* _SUPPLIED MATERIAL_:
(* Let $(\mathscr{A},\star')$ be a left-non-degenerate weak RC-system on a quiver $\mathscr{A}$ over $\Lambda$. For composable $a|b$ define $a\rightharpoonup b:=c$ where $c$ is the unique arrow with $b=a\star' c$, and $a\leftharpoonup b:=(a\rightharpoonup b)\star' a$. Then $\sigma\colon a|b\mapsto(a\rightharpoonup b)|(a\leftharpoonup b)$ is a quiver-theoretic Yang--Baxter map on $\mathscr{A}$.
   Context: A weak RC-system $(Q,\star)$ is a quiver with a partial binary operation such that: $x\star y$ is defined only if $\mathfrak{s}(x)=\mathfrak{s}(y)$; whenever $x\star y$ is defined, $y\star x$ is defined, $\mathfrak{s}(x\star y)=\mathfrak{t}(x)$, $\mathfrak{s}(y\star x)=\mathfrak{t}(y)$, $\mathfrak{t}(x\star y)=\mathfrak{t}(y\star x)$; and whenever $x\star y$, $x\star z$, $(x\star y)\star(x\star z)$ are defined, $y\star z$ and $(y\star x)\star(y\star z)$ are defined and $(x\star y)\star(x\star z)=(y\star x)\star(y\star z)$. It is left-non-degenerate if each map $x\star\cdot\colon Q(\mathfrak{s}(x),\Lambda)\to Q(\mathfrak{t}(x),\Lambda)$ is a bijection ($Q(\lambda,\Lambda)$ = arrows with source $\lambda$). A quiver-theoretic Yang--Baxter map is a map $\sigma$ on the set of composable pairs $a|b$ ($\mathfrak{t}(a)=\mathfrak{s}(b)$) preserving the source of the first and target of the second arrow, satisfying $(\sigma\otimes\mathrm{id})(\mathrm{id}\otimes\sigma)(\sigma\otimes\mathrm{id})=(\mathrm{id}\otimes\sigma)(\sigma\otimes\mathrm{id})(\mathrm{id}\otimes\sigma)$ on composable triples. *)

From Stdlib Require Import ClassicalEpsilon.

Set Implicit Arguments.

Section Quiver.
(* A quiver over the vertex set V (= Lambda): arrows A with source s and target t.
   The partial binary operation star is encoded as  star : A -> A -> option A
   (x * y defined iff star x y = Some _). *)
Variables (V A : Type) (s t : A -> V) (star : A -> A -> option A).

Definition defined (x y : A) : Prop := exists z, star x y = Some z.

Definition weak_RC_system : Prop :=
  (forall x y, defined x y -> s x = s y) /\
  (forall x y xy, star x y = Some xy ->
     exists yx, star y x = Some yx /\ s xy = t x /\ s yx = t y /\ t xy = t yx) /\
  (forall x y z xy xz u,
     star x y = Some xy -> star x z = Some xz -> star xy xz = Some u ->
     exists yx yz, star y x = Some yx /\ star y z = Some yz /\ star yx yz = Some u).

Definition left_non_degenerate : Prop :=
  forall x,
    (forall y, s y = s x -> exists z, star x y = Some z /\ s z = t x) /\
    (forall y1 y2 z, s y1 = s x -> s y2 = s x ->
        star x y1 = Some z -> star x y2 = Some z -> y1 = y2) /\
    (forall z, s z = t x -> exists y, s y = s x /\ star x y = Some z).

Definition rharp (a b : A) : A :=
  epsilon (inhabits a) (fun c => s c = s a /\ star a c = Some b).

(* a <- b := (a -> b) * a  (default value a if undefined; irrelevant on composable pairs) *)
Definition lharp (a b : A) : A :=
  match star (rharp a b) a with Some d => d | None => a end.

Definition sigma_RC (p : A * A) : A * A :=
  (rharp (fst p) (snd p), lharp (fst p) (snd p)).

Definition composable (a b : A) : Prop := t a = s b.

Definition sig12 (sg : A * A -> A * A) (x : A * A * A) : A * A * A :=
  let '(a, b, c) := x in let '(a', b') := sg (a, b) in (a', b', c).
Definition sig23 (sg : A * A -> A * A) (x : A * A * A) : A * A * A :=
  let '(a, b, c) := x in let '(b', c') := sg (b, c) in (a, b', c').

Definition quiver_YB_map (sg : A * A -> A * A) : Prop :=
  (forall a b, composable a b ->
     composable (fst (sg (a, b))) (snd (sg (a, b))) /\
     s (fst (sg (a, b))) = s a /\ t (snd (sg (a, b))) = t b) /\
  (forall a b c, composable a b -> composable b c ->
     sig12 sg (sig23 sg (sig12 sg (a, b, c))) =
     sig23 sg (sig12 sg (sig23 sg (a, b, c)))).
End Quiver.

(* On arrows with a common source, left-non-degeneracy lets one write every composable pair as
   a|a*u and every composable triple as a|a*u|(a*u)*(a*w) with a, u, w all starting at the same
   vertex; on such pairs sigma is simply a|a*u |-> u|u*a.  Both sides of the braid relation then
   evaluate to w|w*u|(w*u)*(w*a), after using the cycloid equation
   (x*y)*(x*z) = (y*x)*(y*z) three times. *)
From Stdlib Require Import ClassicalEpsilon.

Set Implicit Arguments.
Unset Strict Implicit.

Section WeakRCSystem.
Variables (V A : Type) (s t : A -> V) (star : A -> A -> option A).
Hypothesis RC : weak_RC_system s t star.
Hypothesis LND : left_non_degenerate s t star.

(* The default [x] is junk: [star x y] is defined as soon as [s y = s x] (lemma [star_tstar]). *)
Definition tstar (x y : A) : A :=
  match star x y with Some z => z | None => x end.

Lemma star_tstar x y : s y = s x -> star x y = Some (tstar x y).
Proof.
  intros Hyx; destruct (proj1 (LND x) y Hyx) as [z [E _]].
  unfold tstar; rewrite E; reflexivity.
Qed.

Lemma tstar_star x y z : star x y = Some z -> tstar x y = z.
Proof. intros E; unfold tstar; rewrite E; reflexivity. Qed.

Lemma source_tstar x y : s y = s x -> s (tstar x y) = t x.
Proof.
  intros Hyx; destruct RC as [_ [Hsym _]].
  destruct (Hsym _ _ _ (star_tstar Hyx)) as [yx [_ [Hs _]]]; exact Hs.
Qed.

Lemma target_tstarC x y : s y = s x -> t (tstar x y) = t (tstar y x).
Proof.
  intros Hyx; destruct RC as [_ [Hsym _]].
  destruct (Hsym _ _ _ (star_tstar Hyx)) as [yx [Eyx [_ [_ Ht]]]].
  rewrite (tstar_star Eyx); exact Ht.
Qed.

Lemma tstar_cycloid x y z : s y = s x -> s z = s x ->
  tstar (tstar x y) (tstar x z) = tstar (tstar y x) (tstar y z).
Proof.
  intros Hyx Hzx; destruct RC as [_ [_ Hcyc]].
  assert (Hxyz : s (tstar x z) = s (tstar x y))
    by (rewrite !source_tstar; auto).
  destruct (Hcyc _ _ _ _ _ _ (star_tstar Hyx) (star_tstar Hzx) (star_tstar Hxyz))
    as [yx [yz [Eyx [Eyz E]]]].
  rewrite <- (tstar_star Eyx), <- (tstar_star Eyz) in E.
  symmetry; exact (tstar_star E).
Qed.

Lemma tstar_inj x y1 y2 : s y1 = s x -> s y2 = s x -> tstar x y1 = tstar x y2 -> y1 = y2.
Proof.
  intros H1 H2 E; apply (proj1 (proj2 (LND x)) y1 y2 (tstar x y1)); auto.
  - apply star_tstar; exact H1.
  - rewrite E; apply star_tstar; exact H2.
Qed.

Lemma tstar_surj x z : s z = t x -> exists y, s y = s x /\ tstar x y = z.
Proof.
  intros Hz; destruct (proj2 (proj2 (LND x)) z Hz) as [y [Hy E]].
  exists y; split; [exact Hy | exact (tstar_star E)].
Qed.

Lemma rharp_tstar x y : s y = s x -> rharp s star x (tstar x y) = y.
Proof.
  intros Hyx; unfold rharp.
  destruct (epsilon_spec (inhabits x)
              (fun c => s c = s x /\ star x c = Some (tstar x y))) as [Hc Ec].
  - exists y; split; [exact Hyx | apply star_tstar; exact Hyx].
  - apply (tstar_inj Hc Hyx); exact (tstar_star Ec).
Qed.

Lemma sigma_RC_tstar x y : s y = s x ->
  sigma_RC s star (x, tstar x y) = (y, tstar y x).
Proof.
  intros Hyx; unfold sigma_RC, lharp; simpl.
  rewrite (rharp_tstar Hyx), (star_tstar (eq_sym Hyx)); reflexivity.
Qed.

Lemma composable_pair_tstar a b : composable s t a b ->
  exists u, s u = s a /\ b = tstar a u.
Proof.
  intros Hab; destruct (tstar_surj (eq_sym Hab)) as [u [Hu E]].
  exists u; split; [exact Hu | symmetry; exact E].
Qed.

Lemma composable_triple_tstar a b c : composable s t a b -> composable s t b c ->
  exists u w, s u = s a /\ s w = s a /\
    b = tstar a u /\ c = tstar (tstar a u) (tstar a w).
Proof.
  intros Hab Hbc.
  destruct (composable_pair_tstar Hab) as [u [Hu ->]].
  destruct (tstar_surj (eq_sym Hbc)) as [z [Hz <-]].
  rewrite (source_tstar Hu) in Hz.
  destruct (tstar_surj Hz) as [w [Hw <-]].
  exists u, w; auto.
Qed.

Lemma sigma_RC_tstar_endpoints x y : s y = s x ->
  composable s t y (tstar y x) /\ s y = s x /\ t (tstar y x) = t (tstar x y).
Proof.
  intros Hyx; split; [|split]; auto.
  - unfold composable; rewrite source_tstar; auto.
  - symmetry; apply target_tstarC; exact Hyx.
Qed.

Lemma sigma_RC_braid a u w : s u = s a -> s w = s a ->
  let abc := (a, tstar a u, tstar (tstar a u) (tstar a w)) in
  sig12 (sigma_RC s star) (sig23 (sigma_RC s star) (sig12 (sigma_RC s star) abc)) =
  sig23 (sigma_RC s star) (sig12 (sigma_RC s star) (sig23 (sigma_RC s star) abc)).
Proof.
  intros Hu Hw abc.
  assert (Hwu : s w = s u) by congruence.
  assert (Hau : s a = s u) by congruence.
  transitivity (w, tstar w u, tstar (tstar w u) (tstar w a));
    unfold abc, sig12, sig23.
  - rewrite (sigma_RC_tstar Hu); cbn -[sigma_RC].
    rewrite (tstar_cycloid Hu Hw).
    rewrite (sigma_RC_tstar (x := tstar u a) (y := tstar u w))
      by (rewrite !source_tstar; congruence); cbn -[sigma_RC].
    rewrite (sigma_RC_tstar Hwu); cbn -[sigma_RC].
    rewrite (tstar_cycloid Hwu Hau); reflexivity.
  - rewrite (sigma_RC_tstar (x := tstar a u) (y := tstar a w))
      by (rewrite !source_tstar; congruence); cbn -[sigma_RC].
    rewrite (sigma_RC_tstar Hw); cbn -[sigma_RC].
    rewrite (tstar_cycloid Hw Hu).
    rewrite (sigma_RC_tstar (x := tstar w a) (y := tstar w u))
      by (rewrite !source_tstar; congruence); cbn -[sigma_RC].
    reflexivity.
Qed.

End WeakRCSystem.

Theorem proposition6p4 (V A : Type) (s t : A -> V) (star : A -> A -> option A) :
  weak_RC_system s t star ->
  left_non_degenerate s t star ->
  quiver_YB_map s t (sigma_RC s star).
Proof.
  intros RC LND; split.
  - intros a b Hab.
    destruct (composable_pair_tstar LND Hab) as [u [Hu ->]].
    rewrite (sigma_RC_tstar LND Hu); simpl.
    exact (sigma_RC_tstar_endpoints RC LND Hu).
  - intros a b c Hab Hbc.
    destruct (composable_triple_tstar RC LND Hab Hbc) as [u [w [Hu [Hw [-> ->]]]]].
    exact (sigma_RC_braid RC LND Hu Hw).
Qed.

---

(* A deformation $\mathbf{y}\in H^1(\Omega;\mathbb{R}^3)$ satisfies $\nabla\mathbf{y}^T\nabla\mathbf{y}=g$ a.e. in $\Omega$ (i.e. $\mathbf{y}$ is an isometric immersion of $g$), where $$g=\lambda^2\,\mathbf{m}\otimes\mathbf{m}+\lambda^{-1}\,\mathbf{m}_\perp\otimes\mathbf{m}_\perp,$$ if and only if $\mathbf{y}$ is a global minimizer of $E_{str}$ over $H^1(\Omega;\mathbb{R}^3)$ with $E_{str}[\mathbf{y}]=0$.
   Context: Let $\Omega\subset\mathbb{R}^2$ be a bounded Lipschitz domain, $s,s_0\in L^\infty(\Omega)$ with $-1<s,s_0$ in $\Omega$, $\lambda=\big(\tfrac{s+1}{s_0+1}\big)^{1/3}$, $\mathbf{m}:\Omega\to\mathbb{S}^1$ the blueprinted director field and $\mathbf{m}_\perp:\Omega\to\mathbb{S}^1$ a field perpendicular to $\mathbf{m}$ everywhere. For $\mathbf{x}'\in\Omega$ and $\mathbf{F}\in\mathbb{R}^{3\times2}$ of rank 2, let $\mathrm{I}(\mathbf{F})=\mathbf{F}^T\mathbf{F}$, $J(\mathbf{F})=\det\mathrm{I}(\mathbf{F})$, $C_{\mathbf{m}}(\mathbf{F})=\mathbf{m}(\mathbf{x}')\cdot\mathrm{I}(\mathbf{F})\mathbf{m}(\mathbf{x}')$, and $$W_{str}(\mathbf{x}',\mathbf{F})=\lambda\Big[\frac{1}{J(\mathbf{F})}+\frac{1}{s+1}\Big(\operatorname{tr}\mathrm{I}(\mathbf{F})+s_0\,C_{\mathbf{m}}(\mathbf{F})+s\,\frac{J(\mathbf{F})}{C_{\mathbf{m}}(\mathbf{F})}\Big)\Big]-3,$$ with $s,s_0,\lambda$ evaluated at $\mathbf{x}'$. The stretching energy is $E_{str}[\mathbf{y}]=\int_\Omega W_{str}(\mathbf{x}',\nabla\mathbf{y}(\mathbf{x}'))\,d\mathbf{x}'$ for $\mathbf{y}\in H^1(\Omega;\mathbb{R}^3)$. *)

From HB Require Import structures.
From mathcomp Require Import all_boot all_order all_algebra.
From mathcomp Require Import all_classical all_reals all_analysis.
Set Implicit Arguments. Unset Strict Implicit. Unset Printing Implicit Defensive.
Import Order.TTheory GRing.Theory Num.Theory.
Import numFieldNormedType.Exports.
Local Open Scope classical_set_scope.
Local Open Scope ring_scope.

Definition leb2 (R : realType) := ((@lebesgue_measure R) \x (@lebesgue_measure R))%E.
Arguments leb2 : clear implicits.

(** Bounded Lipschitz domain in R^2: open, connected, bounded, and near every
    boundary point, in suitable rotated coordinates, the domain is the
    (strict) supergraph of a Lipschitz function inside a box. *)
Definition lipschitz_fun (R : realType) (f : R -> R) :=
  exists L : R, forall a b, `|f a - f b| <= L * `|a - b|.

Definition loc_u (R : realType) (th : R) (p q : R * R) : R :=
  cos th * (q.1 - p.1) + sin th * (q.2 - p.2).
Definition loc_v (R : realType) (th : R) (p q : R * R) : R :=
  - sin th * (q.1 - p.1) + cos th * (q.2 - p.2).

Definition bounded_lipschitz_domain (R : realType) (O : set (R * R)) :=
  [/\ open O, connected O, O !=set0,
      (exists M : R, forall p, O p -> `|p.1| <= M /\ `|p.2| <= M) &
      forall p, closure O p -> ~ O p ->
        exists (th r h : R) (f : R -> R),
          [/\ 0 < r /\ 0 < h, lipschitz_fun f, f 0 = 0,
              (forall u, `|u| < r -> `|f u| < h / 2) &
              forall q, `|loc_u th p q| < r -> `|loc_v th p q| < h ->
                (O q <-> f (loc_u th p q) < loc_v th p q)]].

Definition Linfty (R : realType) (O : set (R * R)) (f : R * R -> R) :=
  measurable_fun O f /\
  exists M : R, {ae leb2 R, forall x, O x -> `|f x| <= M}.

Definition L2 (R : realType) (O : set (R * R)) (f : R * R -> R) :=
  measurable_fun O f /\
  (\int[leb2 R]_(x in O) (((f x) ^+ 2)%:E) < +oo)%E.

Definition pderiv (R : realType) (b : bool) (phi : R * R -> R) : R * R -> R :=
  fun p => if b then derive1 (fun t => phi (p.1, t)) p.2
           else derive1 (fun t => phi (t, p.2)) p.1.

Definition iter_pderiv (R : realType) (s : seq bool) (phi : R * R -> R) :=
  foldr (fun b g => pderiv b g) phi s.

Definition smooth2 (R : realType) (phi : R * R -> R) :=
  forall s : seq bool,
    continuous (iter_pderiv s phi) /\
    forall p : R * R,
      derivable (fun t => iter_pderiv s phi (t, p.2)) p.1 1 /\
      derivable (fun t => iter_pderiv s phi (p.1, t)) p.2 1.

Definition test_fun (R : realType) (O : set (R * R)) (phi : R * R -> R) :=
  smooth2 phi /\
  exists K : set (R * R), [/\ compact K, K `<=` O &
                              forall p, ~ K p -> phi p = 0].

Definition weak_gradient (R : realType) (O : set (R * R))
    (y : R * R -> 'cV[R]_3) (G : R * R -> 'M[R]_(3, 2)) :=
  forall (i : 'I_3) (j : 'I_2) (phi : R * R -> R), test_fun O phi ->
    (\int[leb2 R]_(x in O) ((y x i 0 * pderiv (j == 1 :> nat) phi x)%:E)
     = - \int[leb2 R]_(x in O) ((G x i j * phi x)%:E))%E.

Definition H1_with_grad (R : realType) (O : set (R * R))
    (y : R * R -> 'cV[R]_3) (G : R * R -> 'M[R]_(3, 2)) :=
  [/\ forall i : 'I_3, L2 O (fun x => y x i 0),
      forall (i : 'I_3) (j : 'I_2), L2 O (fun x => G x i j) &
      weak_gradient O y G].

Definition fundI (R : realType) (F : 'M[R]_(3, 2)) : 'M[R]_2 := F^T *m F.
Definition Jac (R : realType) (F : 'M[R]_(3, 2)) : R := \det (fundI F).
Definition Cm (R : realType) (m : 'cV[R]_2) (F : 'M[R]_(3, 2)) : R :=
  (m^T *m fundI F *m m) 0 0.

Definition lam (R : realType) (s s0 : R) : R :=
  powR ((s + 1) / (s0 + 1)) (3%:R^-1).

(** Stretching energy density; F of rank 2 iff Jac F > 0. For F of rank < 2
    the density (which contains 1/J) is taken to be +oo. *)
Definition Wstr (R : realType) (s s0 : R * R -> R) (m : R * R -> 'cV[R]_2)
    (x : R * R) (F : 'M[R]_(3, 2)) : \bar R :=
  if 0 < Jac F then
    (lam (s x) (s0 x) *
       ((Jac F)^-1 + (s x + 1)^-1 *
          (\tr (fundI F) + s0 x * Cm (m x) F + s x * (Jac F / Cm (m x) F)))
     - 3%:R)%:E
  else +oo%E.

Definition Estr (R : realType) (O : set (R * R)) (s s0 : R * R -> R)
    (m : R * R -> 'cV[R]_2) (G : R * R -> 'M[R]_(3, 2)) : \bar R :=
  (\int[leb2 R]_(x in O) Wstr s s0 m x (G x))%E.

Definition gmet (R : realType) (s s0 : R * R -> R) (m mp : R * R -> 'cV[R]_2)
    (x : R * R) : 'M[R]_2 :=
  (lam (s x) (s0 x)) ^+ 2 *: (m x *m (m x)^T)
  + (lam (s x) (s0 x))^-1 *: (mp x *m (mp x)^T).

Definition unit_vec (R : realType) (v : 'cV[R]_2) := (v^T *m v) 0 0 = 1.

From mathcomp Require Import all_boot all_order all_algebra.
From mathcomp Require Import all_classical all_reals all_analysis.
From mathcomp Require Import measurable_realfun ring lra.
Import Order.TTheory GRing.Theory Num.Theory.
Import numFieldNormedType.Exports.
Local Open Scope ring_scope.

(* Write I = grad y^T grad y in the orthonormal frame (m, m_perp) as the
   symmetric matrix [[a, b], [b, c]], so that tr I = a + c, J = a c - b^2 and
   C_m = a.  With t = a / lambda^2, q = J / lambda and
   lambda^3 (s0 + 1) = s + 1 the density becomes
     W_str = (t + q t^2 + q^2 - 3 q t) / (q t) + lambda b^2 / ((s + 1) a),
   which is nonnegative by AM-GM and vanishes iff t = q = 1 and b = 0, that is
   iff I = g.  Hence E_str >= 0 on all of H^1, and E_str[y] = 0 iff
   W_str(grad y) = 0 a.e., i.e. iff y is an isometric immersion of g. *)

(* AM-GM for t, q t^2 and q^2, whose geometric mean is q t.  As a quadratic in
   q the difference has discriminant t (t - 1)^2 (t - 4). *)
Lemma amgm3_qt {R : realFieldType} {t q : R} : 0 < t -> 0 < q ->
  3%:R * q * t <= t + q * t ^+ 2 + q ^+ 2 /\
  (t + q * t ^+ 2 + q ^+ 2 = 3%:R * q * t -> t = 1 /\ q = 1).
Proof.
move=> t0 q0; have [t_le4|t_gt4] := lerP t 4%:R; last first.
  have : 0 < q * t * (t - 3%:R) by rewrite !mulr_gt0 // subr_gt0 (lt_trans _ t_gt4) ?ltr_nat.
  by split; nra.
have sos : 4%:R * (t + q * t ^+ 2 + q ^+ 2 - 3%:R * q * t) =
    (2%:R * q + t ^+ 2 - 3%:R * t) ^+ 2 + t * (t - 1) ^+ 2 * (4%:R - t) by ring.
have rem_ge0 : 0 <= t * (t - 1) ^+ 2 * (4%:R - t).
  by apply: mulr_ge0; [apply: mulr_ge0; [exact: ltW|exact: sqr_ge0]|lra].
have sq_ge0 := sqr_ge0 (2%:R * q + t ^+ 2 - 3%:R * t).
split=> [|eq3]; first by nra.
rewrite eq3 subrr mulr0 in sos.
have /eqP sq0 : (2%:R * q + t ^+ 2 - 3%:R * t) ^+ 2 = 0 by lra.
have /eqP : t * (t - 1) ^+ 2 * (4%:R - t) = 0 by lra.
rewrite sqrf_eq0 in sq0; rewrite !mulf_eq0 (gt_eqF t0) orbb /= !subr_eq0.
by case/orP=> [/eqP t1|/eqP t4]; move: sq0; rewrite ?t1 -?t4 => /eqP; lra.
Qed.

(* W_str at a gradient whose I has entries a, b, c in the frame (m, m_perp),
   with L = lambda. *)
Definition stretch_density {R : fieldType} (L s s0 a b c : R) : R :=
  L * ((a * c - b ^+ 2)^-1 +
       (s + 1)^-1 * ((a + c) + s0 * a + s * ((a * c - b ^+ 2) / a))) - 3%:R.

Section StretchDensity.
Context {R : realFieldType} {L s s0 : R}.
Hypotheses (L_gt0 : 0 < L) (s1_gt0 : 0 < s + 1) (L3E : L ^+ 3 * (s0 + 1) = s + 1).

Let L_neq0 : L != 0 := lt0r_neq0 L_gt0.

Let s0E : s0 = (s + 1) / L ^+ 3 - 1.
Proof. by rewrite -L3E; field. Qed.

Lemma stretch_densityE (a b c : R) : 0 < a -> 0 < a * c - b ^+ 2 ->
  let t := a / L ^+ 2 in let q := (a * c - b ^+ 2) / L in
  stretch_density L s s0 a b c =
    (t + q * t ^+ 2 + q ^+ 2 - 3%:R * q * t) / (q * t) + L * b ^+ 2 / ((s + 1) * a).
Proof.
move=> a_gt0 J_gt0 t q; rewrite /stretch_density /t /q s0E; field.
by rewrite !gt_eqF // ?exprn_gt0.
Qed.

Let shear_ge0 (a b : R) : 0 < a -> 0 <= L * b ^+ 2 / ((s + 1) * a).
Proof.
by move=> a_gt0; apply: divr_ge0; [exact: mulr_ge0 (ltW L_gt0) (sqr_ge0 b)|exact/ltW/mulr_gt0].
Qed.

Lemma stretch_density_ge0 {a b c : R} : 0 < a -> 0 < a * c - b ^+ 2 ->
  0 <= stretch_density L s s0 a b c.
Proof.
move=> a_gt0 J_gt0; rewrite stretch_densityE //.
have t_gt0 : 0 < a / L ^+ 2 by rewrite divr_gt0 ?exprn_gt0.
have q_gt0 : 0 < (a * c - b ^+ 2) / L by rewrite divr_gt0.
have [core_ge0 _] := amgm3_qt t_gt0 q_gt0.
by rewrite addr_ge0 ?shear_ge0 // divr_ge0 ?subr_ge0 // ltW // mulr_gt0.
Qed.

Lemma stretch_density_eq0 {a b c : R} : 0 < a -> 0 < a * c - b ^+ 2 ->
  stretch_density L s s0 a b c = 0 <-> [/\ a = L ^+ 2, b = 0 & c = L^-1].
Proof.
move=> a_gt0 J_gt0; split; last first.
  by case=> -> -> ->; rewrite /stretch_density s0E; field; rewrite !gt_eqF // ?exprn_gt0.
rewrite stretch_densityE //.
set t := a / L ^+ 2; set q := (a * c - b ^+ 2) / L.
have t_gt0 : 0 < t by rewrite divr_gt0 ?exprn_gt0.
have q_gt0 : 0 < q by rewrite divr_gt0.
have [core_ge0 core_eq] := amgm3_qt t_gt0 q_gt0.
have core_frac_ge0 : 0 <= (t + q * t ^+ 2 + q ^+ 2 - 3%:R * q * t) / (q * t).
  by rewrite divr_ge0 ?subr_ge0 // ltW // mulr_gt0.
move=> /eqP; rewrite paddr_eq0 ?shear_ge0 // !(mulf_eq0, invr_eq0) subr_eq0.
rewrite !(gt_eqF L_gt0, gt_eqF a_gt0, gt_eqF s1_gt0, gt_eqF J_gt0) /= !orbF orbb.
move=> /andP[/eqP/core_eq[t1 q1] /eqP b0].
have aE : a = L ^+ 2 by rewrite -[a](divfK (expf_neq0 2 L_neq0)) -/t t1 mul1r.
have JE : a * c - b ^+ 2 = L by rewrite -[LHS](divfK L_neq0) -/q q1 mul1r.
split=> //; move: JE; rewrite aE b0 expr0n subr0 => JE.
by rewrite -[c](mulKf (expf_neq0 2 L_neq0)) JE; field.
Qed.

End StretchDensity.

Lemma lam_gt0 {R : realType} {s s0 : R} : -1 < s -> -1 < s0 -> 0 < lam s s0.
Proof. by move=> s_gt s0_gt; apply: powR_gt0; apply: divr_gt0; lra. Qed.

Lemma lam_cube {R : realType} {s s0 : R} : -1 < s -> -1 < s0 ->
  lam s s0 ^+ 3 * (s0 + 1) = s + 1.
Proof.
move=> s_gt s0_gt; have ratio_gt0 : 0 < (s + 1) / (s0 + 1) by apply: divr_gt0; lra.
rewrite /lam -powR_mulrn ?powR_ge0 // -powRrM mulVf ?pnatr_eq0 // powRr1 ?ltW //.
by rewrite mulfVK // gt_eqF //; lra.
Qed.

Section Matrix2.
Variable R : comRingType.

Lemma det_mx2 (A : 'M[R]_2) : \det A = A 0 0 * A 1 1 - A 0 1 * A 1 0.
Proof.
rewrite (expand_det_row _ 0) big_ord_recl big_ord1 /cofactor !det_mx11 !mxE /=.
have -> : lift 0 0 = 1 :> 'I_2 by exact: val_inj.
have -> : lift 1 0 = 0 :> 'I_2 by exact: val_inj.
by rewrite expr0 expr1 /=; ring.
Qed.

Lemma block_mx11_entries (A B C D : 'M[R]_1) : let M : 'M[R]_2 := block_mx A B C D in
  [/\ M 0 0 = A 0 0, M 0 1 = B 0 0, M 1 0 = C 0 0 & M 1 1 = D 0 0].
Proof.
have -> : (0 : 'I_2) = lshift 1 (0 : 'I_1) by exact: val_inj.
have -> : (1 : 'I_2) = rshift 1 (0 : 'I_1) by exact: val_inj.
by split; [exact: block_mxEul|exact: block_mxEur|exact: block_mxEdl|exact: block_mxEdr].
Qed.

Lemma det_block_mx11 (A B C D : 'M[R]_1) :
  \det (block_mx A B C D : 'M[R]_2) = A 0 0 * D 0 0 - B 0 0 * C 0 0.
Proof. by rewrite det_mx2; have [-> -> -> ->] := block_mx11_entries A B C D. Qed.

* _ABOUT THIS EXERCISE_: Could you reproduce exactly the lines of the entries above, from the one with "block_mxEur|exact: block_mxEdl|exact: block_mxEdr]." through the one with "Proof. by rewrite det_mx2;", and nothing else?

* _WRITTEN ANSWER_:
by split; [exact: block_mxEul|exact: block_mxEur|exact: block_mxEdl|exact: block_mxEdr].
Qed.

Lemma det_block_mx11 (A B C D : 'M[R]_1) :
  \det (block_mx A B C D : 'M[R]_2) = A 0 0 * D 0 0 - B 0 0 * C 0 0.
Proof. by rewrite det_mx2; have [-> -> -> ->] := block_mx11_entries A B C D. Qed.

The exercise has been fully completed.